The Yukon Water Board has rejected Carmacks Copper’s water use application, casting doubt on the future of the mine.
This is good news for the Little Salmon/Carmacks First Nation, which fought the proposal.
“We are not against mining, but we will not accept a mine on our traditional territory that threatens the very existence of our land and water,” said Chief Eddie Skookum.
“We need real mines, not industrial experiments.”
Western Copper Corporation, which owns Carmacks Copper, had proposed using a technique known as acid heap leaching.
The ore would be pushed into piles, some as high as a 30-storey building, and then doused with sulphuric acid.
The acid dissolves the copper in the ore, which can then be collected from below.
However, this technology is unproven.
The water board was concerned about whether the mine could detoxify the heap and manage discharges from the site, according to its 42-page decision document.
There was inadequate evidence that this could be done safely and the board did not support the company’s plan to conduct testing while the mine was in full-scale operation.
As well, the board found the company plan to dump contaminated water from the minesite into a nearby creek didn’t adequately protect the environment.
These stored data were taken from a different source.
Lemma leq_band_offset (j : 'I_k) (b : bool) (r : nat) : M <= band j b * M + r.
Proof. exact: leq_trans (leq_pmull M (ltn0Sn _)) (leq_addr _ _). Qed.

Lemma count_wl_exponents_self (s : nat) (u : tuple) (i : nat) : i < M ->
  count_mem i (wl_exponents s u) = (rank s u == i).
Proof.
move=> iM; rewrite /= (count_memPn _) ?addn0 //.
apply/allpairsP => -[[j w] [_ _ /= i_eq]].
by move: iM; rewrite i_eq ltnNge leq_band_offset.
Qed.

Lemma count_wl_exponents_band (s : nat) (u : tuple) (j : 'I_k) (b : bool)
    (i : nat) : i < M ->
  count_mem (band j b * M + i) (wl_exponents s u) =
  count (fun w => (e (u j) w == b) && (rank s (phi u j w) == i)) (enum V).
Proof.
move=> iM; rewrite /= ltn_eqF ?add0n; last first.
  exact: leq_trans (color_rank_lt _ _) (leq_band_offset _ _ _).
rewrite count_flatten sumnE !big_map -enumT.
rewrite (bigD1_seq j) ?mem_enum ?enum_uniq //= big1_seq ?addn0.
  rewrite count_map; apply: eq_count => w /=.
  by rewrite eqn_mul_add_small ?color_rank_lt // eq_band eqxx.
move=> j' /andP [j'j _]; apply/eqP; rewrite eqn0Ngt -has_count has_map.
apply/hasPn => w _ /=.
by rewrite eqn_mul_add_small ?color_rank_lt // eq_band (negPf j'j).
Qed.

Lemma nbr_multiset_perm_rank (C : tuple -> nat) (u v : tuple) (j : 'I_k) :
  perm_eq [seq (color_rank C (phi u j w), e (u j) w) | w <- enum V]
          [seq (color_rank C (phi v j w), e (v j) w) | w <- enum V] ->
  nbr_multiset e C u j = nbr_multiset e C v j.
Proof.
pose decode (p : nat * bool) := pickle (nth 0 (palette C) p.1, p.2).
have nbrE x : nbr_multiset e C x j =
    sort leq (map decode
      [seq (color_rank C (phi x j w), e (x j) w) | w <- enum V]).
  rewrite /nbr_multiset -map_comp; congr sort; apply: eq_map => w.
  by rewrite /decode /= nth_color_rank.
move=> perm_uv; rewrite !nbrE; apply/perm_sortP; last exact: perm_map.
- exact: leq_total.
- exact: leq_trans.
- exact: anti_leq.
Qed.

Lemma perm_nbr_ranks (s : nat) (u v : tuple) (j : 'I_k) :
  perm_eq (wl_exponents s u) (wl_exponents s v) ->
  perm_eq [seq (rank s (phi u j w), e (u j) w) | w <- enum V]
          [seq (rank s (phi v j w), e (v j) w) | w <- enum V].
Proof.
move/permP => count_uv; apply/allP => -[i b] _; apply/eqP.
have [iM|Mi] := ltnP i M.
  have countE x :
      count_mem (i, b) [seq (rank s (phi x j w), e (x j) w) | w <- enum V] =
      count (fun w => (e (x j) w == b) && (rank s (phi x j w) == i)) (enum V).
    by rewrite count_map; apply: eq_count => w; rewrite /= xpair_eqE andbC.
  by rewrite !countE -!count_wl_exponents_band //; apply: count_uv.
have count0 x :
    count_mem (i, b) [seq (rank s (phi x j w), e (x j) w) | w <- enum V] = 0.
  apply/count_memPn/mapP => -[w _ [rank_eq _]].
  by move: Mi; rewrite rank_eq leqNgt color_rank_lt.
by rewrite !count0.
Qed.

Lemma perm_wl_exponents_color_succ (s : nat) (u v : tuple) :
  perm_eq (wl_exponents s u) (wl_exponents s v) -> color s.+1 u = color s.+1 v.
Proof.
move=> perm_uv; have /permP count_uv := perm_uv.
have color_uv : color s u = color s v.
  apply/eqP; rewrite -(eq_color_rank (color s)) eq_sym.
  have := count_uv (pred1 (rank s u)).
  by rewrite !count_wl_exponents_self ?color_rank_lt // eqxx; case: (_ == _).
rewrite /= color_uv; congr (pickle (_, _)); apply: eq_map => j.
exact/nbr_multiset_perm_rank/perm_nbr_ranks.
Qed.

Lemma aggregate_wl_value_color_succ (s : nat) (u v : tuple) :
  aggregate (wl_value s) (wl_weight true) (wl_weight false) u =
  aggregate (wl_value s) (wl_weight true) (wl_weight false) v ->
  color s.+1 u = color s.+1 v.
Proof.
rewrite !aggregate_wl_value => /eqP; rewrite eqr_nat => /eqP sum_uv.
apply: perm_wl_exponents_color_succ; apply/allP => x _; apply/eqP.
by rewrite !(@count_mem_expn_digit B) ?size_wl_exponents // sum_uv.
Qed.

End DeltaWLEncoding.

Local Open Scope ring_scope.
The standards were in line with Canada’s Metal Mining Effluent Regulations, but still were not sufficient, the board said.
And the standards recommended by the Yukon government were also lacking, it added.
The government’s standards were based on an “incomplete understanding” of Williams Creek and an “incomplete understanding” of Carmacks Copper’s projected discharges, according to the board.
“The applicant has not satisfied the board that waste produced by this undertaking will be treated and disposed of in a manner that is appropriate for the maintenance of proposed water-quality standards in lower Williams Creek,” said the decision document.
“Therefore, it is the decision of the board that the application be denied.”
“We’re just trying to protect our way of life and our traditional way of life, as well as everybody else up and down the Yukon River right out to the Bering Sea,” said Skookum.
“When the company doesn’t talk to us face-to-face, problems arise. It’s nice to see that the land claims process is working.”
The Yukon Conservation Society is also happy with the board’s decision.
“All credit should go to the Little Salmon/Carmacks First Nation,” said Lewis Rifkind, an associate mining co-ordinator with the conservation society.
“With their lawyers and their experts … it was the sort of thing you’d expect from David Suzuki.”
The water board decision raises a lot of questions, said Rifkind.
“Why did it take the water board to say no to the project?” he asked.
“Why didn’t YESAB catch it? Why didn’t the quartz mining branch catch it?”
The assessment board and the government made recommendations for changes to Carmacks Copper’s proposal.
“By the time it reached the water board, there were all of these unanswered questions,” said Rifkind.
At the end of the water board’s executive summary, the board encouraged the mine to engage and consult with all parties as it moves forward.
But it’s unclear where Carmacks Copper will go from here.
Any changes the mine could make to its proposal to please the water board, such as doing away with the acid heap leaching and choosing a different technique to extract the copper, would be so drastic that it would have to go back through the YESAB and quartz mining licensing processes again, said Rifkind.
“And that’s probably what they’re going to have to do.”
“We know we’re going to do something; we’re just not sure yet what that’s going to be,” said Claire Derome, Western Copper’s vice-president of community affairs.
“We need a little bit of time to come to a decision. There’s a lot to look into.”
The company feels the water board’s findings are inconsistent with previous decisions made by the Yukon government and the Yukon Environmental and Socio-economic Assessment Board.
The decision will affect all projects in the territory, but will not stop progress on Western Copper’s much larger Casino mine, said Derome.
The copper at the Casino mine will be recovered with a milling process, not through acid heap leaching.
There will be a heap leach component to the project, but that will only be used to extract gold deposits using cyanide, which is a technique that has previously been used in the territory.
The mine already has a permit to begin construction and, if the water board had decided to approve their application, could have begun at any time.
“We could start construction tomorrow,” said Derome.
“But without a water licence that would be a bit stupid.”